AC Milan’s trademark defeat: a misfire over meaning
Most of the IP world knows what happened in case T-353/20. Many IP newsletters, blog posts, and articles spoke about the fact that the Sixth Chamber of the General Court of the European Union had rejected the registration of the figurative European Union trademark application in the name of the world-famous football club AC Milan, in connection with stationery items.
This was due to the presence of the earlier German word mark “Milan” registered by InterES Handels- und Dienstleistungs Gesellschaft.
The sentence, which was passed down on 10 November 2021, clearly and indisputably applies all the well-known principles used to assess whether two trademarks are in conflict or not.
Nevertheless, from my point of view, it would have been important to go further and to consider real-life situations.
Tackling ‘conceptual’ similarity
The applied-for trademark is the device logo of AC Milan, which is surely recognisable for the majority of EU consumers.
Everybody knows the AC Milan Football Club. Moreover, most people will recognise the AC Milan logo, even non-soccer fans, like me.
Soccer is probably the most popular sport in Europe, in fact this sport has become more than just a game. Its reach can be seen in societies at large, in politics and in economies.

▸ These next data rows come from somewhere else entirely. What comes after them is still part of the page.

(* Let $G$ be a two-player stage game with $|V_1^{p,p}|>1$ and $|V_2^{p,p}|>1$. If $G\in\mathcal{G}_{LS}^{m,p}$, then $G\in\mathcal{G}_{LS}^{p,p}$.
   Context: A two-player stage game $G$ has finite nonempty action sets $A_1,A_2$ and payoffs $u_1,u_2:A_1\times A_2\to\mathbb{R}$, extended to mixed strategies by expectation. $G(T)$ is the $T$-round repetition with realized actions observed each round and payoffs the expected sum of stage payoffs; an SPE of $G(T)$ is a strategy profile whose continuation after every history of length $k<T$ is a Nash equilibrium of $G(T-k)$. Regimes: pure-pure ($p,p$): both players restricted to actions (in the stage game and in every round, including deviations); mixed-pure ($m,p$): player 1 may mix, player 2 uses only actions; mixed-mixed ($m,m$): both may mix. For regime $r$, $\mathrm{Nash}^r(G)$ is the set of stage-game profiles available in $r$ from which no player can profitably deviate unilaterally to a strategy available in $r$, and $V_i^r=\{u_i(\sigma):\sigma\in\mathrm{Nash}^r(G)\}$. Locally suboptimal behavior occurs in an SPE $\mu$ of $G(T)$ (regime $r$) if for some history $h$ of length $k<T$, $(\mu_1(h),\mu_2(h))\notin\mathrm{Nash}^r(G)$. $\mathcal{G}_{LS}^r$ is the set of stage games $G$ for which there exist $T\ge1$ and an SPE of $G(T)$ in regime $r$ in which locally suboptimal behavior occurs. *)

From HB Require Import structures.
From mathcomp Require Import all_boot all_order all_algebra.
From mathcomp Require Import reals.
Set Implicit Arguments. Unset Strict Implicit. Unset Printing Implicit Defensive.
Import Order.TTheory GRing.Theory Num.Theory.
Local Open Scope ring_scope.

Section RepeatedGames.
Variable R : realType.

Definition is_dist (A : finType) (p : {ffun A -> R}) : Prop :=
  (forall a, 0 <= p a) /\ \sum_(a : A) p a = 1.

(* A pure action, seen as the point-mass mixed strategy. *)
Definition dirac (A : finType) (a : A) : {ffun A -> R} :=
  [ffun b => (b == a)%:R].

(* Strategies available to a player: any mixed strategy if the player may
   mix ([mix = true]), otherwise only (point masses at) actions. *)
Definition avail (A : finType) (mix : bool) (p : {ffun A -> R}) : Prop :=
  if mix then is_dist p else exists a : A, p = dirac a.

(* A regime: (player 1 may mix, player 2 may mix). *)
Definition regime := (bool * bool)%type.
Definition reg_pp : regime := (false, false).
Definition reg_mp : regime := (true, false).
Definition reg_mm : regime := (true, true).

Variables (A1 A2 : finType) (u1 u2 : A1 -> A2 -> R).

Definition Eu (f : A1 -> A2 -> R) (p1 : {ffun A1 -> R}) (p2 : {ffun A2 -> R}) : R :=
  \sum_(a1 : A1) \sum_(a2 : A2) p1 a1 * p2 a2 * f a1 a2.

Definition stageNash (r : regime) (p1 : {ffun A1 -> R}) (p2 : {ffun A2 -> R}) : Prop :=
  [/\ avail r.1 p1, avail r.2 p2,
      (forall q1, avail r.1 q1 -> Eu u1 q1 p2 <= Eu u1 p1 p2) &
      (forall q2, avail r.2 q2 -> Eu u2 p1 q2 <= Eu u2 p1 p2)].

Definition V1 (r : regime) (v : R) : Prop :=
  exists p1 p2, stageNash r p1 p2 /\ v = Eu u1 p1 p2.
Definition V2 (r : regime) (v : R) : Prop :=
  exists p1 p2, stageNash r p1 p2 /\ v = Eu u2 p1 p2.

Definition card_gt1 (S : R -> Prop) : Prop :=
  exists v w, v <> w /\ S v /\ S w.

(* Histories of realized action profiles; behaviour strategies. *)
Definition history := seq (A1 * A2).
Definition strat1 := history -> {ffun A1 -> R}.
Definition strat2 := history -> {ffun A2 -> R}.

Definition valid1 (r : regime) (s : strat1) : Prop := forall h, avail r.1 (s h).
Definition valid2 (r : regime) (s : strat2) : Prop := forall h, avail r.2 (s h).

Fixpoint value (f : A1 -> A2 -> R) (s1 : strat1) (s2 : strat2) (h : history)
    (n : nat) : R :=
  match n with
  | 0 => 0
  | n'.+1 => \sum_(a1 : A1) \sum_(a2 : A2)
              s1 h a1 * s2 h a2 * (f a1 a2 + value f s1 s2 (rcons h (a1, a2)) n')
  end.

Definition SPE (r : regime) (T : nat) (s1 : strat1) (s2 : strat2) : Prop :=
  [/\ valid1 r s1, valid2 r s2 &
      forall h : history, (size h < T)%N ->
        (forall t1, valid1 r t1 ->
           value u1 t1 s2 h (T - size h) <= value u1 s1 s2 h (T - size h)) /\
        (forall t2, valid2 r t2 ->
           value u2 s1 t2 h (T - size h) <= value u2 s1 s2 h (T - size h))].

Definition locally_suboptimal (r : regime) (T : nat) (s1 : strat1) (s2 : strat2) : Prop :=
  exists h : history, (size h < T)%N /\ ~ stageNash r (s1 h) (s2 h).

Definition in_GLS (r : regime) : Prop :=
  exists T : nat, (1 <= T)%N /\
    exists (s1 : strat1) (s2 : strat2), SPE r T s1 s2 /\ locally_suboptimal r T s1 s2.

End RepeatedGames.

From mathcomp Require Import all_boot all_order all_algebra.
From mathcomp Require Import reals.
From mathcomp Require Import lra.
From Stdlib Require Import Classical.
Set Implicit Arguments. Unset Strict Implicit. Unset Printing Implicit Defensive.
Import Order.TTheory GRing.Theory Num.Theory.
Local Open Scope ring_scope.

(* Proof of Theorem 10: G in G_LS^{m,p} implies G in G_LS^{p,p} when both
   |V_i^{p,p}| > 1.
   1. If every pure profile of G were a pure Nash equilibrium, then against a
      fixed action of player 2 player 1 would be indifferent between all his
      actions, so every profile (mixed, pure) would be a stage equilibrium in
      regime (m,p) and no SPE could be locally suboptimal.  Hence some pure
      profile x = (x1, x2) is not a stage equilibrium.
   2. |V_i^{p,p}| > 1 yields pure equilibria lo_i, hi_i with u_i(lo_i) <
      u_i(hi_i); from them we pick a punishment equilibrium pun_i with
      2 u_i(pun_i) < u_i(hi_1) + u_i(hi_2).
   3. Trigger profile in G(2k+1): play x in round 1; afterwards play a pure
      equilibrium depending only on the first-round profile and the round:
      alternate hi_1, hi_2, unless exactly player i deviated, in which case
      play pun_i forever.  Later deviations change nothing, so only round-1
      deviations matter; they gain a bounded amount once and lose
      k (u_i(hi_1) + u_i(hi_2) - 2 u_i(pun_i)) > 0, which deters them for k
      large (Archimedean property).  Round 1 is locally suboptimal. *)

Section StageGame.
Variables (R : realType) (A1 A2 : finType) (u1 u2 : A1 -> A2 -> R).

Lemma sum_dirac (A : finType) (b : A) (F : A -> R) :
  \sum_a dirac R b a * F a = F b.
Proof.
rewrite (bigD1 b) //= big1 ?addr0; first by rewrite ffunE eqxx mul1r.
by move=> a /negbTE nab; rewrite ffunE nab mul0r.
Qed.

Lemma Eu_dirac_r (f : A1 -> A2 -> R) (p : {ffun A1 -> R}) (b : A2) :
  Eu f p (dirac R b) = \sum_a p a * f a b.
Proof.
apply: eq_bigr => a _; under eq_bigr => a2 _ do rewrite -mulrA.
by rewrite -big_distrr /= sum_dirac.
Qed.

Lemma Eu_dirac (f : A1 -> A2 -> R) (a : A1) (b : A2) :
  Eu f (dirac R a) (dirac R b) = f a b.
Proof. by rewrite Eu_dirac_r sum_dirac. Qed.

Definition pure_nash (c : A1 * A2) : Prop :=
  (forall a, u1 a c.2 <= u1 c.1 c.2) /\ (forall b, u2 c.1 b <= u2 c.1 c.2).

Lemma stageNash_pure_nash (a : A1) (b : A2) :
  stageNash u1 u2 reg_pp (dirac R a) (dirac R b) -> pure_nash (a, b).
Proof.
case=> _ _ N1 N2; split => [a'|b'].
  by have := N1 (dirac R a') (ex_intro _ a' erefl); rewrite !Eu_dirac.
by have := N2 (dirac R b') (ex_intro _ b' erefl); rewrite !Eu_dirac.
Qed.

Lemma pp_value_pure (f : A1 -> A2 -> R) (v : R) :
  (exists p1 p2, stageNash u1 u2 reg_pp p1 p2 /\ v = Eu f p1 p2) ->
  exists c, pure_nash c /\ v = f c.1 c.2.
Proof.
case=> p1 [p2 [N ->]]; have [[a Ea] [b Eb] _ _] := N; subst p1 p2.
by exists (a, b); rewrite Eu_dirac; split => //; apply: stageNash_pure_nash.
Qed.

Lemma pure_nash_spread (f : A1 -> A2 -> R) :
  card_gt1 (fun v => exists p1 p2,
              stageNash u1 u2 reg_pp p1 p2 /\ v = Eu f p1 p2) ->
  exists lo hi, [/\ pure_nash lo, pure_nash hi & f lo.1 lo.2 < f hi.1 hi.2].
Proof.
case=> v [w [nvw [/pp_value_pure [c [Nc Ev]] /pp_value_pure [e [Ne Ew]]]]].
subst v w.
case: (ltgtP (f c.1 c.2) (f e.1 e.2)) => [lt|gt|eq] //.
- by exists c, e.
- by exists e, c.
Qed.

(* The worse, for f, of lo and another equilibrium punishes strictly below the
   average of hi and that equilibrium. *)
Lemma punishment (f : A1 -> A2 -> R) (lo hi other : A1 * A2) :
  pure_nash lo -> pure_nash other -> f lo.1 lo.2 < f hi.1 hi.2 ->
  exists p, pure_nash p /\ 2 * f p.1 p.2 < f hi.1 hi.2 + f other.1 other.2.
Proof.
move=> Nlo Nother lt; case: (lerP (f lo.1 lo.2) (f other.1 other.2)) => cmp.
- by exists lo; split => //; lra.
- by exists other; split => //; lra.
Qed.

(* If all pure profiles are equilibria, player 1 is indifferent between all
   actions against any action b, so (p1, b) is a stage equilibrium in (m,p). *)
Lemma indifferent_stageNash_mp (p1 : {ffun A1 -> R}) (b : A2) :
  (forall c, pure_nash c) -> is_dist p1 ->
  stageNash u1 u2 reg_mp p1 (dirac R b).
Proof.
move=> allN p1D.
have const a a' : u1 a b = u1 a' b.
  by apply/eqP; rewrite eq_le (allN (a', b)).1 (allN (a, b)).1.
have Eu_const q a0 : is_dist q -> Eu u1 q (dirac R b) = u1 a0 b.
  case=> _ q1; rewrite Eu_dirac_r.
  by under eq_bigr => a _ do rewrite (const a a0); rewrite -big_distrl /= q1 mul1r.
split => //; first by exists b.
- (* An empty A1 makes both expectations vanish. *)
  move=> q1 q1D /=; case: (pickP A1) => [a0 _|noA1].
    by rewrite (Eu_const _ a0 q1D) (Eu_const _ a0 p1D).
  by rewrite /Eu !big_pred0.
- move=> q2 [b' ->]; rewrite !Eu_dirac_r; apply: ler_sum => a _.
  exact/ler_wpM2l/(allN (a, b)).2/(p1D.1 a).
Qed.

Lemma mp_LS_non_pure_nash :
  in_GLS u1 u2 reg_mp -> exists x, ~ pure_nash x.
Proof.
case=> T [_ [s1 [s2 [[val1 val2 _] [h [_ notN]]]]]].
apply: not_all_ex_not => allN; apply: notN.
have [b ->] := val2 h; exact: indifferent_stageNash_mp (val1 h).
Qed.

Lemma value_pure (f : A1 -> A2 -> R) (s1 : strat1 R A1 A2)
    (s2 : strat2 R A1 A2) h n (a : A1) (b : A2) :
  s1 h = dirac R a -> s2 h = dirac R b ->
  value f s1 s2 h n.+1 = f a b + value f s1 s2 (rcons h (a, b)) n.
Proof.
move=> /= -> ->.
under eq_bigr => a1 _ do (under eq_bigr => a2 _ do rewrite -mulrA;
   rewrite -big_distrr /= sum_dirac).
by rewrite sum_dirac.
Qed.

Lemma patience (A : finType) (gain : A -> R) (d : R) : 0 < d ->
  exists k : nat, forall k', (k <= k')%N -> forall a, gain a <= k'%:R * d.
Proof.
move=> d_gt0; pose B := \sum_a `|gain a|.
have B_ge0 : 0 <= B by apply: sumr_ge0.
exists (Num.Def.archi_bound (B / d)) => k' lek a.
have gainB : gain a <= B.
  apply: le_trans (ler_norm _) _.
  by rewrite /B (bigD1 a) //= lerDl; apply: sumr_ge0.
have := archi_boundP (divr_ge0 B_ge0 (ltW d_gt0)); rewrite ltr_pdivrMr // => Bk.
apply: le_trans gainB (le_trans (ltW Bk) _).
by rewrite ler_wpM2r ?ler_nat // ltW.
Qed.

Section Trigger.
Variables (x1 : A1) (x2 : A2) (hi1 hi2 pun1 pun2 : A1 * A2).
Hypotheses (Nhi1 : pure_nash hi1) (Nhi2 : pure_nash hi2).
Hypotheses (Npun1 : pure_nash pun1) (Npun2 : pure_nash pun2).

Definition reward (m : nat) : A1 * A2 := if odd m then hi1 else hi2.

(* The profile played after m rounds when the first-round profile was c:
   punish the sole deviator, reward otherwise. *)
Definition plan (c : A1 * A2) (m : nat) : A1 * A2 :=
  if c.1 == x1 then (if c.2 == x2 then reward m else pun2)
  else (if c.2 == x2 then pun1 else reward m).

Definition trigger (h : history A1 A2) : A1 * A2 :=
  if h is c :: _ then plan c (size h) else (x1, x2).
Definition trig1 : strat1 R A1 A2 := fun h => dirac R (trigger h).1.
Definition trig2 : strat2 R A1 A2 := fun h => dirac R (trigger h).2.

Lemma plan_nash (c : A1 * A2) (m : nat) : pure_nash (plan c m).
Proof. by rewrite /plan /reward; case: ifP; case: ifP => //; case: ifP. Qed.

Lemma value_trigger (f : A1 -> A2 -> R) c t n :
  value f trig1 trig2 (c :: t) n =
  \sum_(j < n) f (plan c ((size t).+1 + j)).1 (plan c ((size t).+1 + j)).2.
Proof.
elim: n t => [|n IH] t; first by rewrite big_ord0.
rewrite (value_pure _ _ (erefl (trig1 (c :: t))) (erefl (trig2 (c :: t)))).
rewrite rcons_cons IH big_ord_recl addn0 size_rcons; congr (_ + _).
by apply: eq_bigr => j _; rewrite addSnnS.
Qed.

In the decision under consideration, in point 114, the Court affirmed that “the applicant’s argument based on the alleged reputation of the mark applied for is entirely irrelevant” because “only the reputation of the earlier mark, and not that of the mark applied for, must be taken into account” (point 113).
The error in the above reasoning lies in the fact that in the present case it would not even be necessary to invoke the “reputation” of the applied for mark, as the issue can and must be resolved merely based on the global assessment of the risk of confusion.
This global assessment must also be made by taking into account the “conceptual” similarity of the signs.